PROVIDED DATA:
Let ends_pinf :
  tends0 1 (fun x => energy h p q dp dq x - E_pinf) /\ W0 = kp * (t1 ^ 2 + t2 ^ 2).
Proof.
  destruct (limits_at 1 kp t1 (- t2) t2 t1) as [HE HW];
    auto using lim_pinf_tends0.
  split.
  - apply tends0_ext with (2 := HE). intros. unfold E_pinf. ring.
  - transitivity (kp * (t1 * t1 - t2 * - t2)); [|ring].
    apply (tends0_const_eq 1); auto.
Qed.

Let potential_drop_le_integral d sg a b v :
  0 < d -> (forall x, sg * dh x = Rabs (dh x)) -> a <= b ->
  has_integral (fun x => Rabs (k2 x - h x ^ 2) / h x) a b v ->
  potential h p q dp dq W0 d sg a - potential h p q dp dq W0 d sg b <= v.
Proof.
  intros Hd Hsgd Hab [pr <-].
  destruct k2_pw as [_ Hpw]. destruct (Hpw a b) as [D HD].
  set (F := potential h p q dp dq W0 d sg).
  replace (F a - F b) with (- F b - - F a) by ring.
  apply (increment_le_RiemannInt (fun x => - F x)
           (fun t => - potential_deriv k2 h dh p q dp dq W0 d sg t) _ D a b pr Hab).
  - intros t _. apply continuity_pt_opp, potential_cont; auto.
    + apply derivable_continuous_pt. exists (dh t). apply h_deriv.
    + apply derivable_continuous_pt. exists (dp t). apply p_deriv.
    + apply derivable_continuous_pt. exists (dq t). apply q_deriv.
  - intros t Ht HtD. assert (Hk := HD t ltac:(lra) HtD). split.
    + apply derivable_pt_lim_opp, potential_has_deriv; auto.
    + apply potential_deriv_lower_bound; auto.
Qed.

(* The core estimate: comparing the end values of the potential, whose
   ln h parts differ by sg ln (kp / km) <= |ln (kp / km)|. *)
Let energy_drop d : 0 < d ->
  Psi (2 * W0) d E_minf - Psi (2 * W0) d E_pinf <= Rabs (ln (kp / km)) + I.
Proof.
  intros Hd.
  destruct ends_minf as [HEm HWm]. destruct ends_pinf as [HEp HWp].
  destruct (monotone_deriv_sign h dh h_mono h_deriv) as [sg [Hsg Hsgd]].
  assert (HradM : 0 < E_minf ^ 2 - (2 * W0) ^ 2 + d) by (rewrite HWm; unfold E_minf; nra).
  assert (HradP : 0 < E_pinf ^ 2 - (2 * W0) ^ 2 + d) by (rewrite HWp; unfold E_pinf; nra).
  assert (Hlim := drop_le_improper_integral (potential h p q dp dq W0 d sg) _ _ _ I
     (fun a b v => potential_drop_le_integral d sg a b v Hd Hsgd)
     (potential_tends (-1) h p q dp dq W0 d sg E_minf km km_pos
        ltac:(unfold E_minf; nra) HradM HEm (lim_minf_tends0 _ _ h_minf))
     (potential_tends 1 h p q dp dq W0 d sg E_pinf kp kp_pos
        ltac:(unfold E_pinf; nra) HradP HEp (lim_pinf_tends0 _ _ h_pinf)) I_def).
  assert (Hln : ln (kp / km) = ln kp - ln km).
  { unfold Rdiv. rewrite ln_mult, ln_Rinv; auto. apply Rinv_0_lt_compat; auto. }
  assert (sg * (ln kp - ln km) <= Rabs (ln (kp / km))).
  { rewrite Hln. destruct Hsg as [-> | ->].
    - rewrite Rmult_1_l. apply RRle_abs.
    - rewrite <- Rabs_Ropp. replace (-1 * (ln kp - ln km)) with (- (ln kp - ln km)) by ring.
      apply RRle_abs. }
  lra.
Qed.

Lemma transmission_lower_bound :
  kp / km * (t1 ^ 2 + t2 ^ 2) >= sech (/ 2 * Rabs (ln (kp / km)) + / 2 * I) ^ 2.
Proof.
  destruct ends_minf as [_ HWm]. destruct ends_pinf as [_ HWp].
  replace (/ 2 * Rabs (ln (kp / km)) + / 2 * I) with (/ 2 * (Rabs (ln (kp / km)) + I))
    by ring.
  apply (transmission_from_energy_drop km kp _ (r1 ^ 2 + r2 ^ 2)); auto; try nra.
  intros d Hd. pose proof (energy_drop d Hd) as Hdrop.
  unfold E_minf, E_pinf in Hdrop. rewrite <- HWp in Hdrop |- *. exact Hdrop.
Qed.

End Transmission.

--

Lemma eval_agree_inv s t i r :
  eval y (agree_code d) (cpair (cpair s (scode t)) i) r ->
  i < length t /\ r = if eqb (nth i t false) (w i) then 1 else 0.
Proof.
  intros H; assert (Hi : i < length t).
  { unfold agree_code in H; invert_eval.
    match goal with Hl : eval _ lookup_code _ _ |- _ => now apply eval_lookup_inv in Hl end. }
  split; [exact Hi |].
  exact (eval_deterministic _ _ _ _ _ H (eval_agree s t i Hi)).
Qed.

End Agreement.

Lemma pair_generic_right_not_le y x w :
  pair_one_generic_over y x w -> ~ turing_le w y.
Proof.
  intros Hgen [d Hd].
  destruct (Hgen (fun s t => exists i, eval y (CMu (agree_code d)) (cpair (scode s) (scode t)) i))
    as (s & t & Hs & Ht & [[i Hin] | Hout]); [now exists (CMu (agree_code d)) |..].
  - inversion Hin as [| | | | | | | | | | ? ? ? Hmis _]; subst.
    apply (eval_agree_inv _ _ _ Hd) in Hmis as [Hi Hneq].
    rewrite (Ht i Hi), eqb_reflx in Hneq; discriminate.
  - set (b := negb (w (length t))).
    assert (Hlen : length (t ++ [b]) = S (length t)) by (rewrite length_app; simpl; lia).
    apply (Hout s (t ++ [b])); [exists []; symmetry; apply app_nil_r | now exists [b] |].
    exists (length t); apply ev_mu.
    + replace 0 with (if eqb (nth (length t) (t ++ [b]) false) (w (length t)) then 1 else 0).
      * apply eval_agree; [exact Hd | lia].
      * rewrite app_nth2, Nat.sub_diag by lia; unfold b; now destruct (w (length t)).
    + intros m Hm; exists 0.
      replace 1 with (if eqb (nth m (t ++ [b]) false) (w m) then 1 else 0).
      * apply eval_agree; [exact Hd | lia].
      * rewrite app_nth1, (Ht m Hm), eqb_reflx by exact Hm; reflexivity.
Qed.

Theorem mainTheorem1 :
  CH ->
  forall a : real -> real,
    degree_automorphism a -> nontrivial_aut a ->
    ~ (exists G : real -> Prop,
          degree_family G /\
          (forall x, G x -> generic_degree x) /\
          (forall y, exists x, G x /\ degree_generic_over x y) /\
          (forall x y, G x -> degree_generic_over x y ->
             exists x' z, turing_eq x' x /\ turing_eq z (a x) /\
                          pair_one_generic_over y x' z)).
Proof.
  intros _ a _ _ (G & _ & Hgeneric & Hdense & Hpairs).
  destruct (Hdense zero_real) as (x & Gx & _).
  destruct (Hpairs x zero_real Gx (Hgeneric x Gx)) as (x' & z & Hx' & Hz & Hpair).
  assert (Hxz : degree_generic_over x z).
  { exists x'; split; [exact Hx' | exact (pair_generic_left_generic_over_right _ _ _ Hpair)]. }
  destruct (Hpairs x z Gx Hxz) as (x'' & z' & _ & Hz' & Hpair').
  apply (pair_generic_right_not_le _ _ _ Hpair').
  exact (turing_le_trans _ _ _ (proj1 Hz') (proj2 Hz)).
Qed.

TASK ITEM:
Your answer should be the lines above, from the line containing "- rewrite Rmult_1_l. apply RRle_abs." up to and including the line containing "replace (/ 2", reproduced exactly and with nothing else.

SOLUTION TO THIS EXERCISE:
    - rewrite Rmult_1_l. apply RRle_abs.
    - rewrite <- Rabs_Ropp. replace (-1 * (ln kp - ln km)) with (- (ln kp - ln km)) by ring.
      apply RRle_abs. }
  lra.
Qed.

Lemma transmission_lower_bound :
  kp / km * (t1 ^ 2 + t2 ^ 2) >= sech (/ 2 * Rabs (ln (kp / km)) + / 2 * I) ^ 2.
Proof.
  destruct ends_minf as [_ HWm]. destruct ends_pinf as [_ HWp].
  replace (/ 2 * Rabs (ln (kp / km)) + / 2 * I) with (/ 2 * (Rabs (ln (kp / km)) + I))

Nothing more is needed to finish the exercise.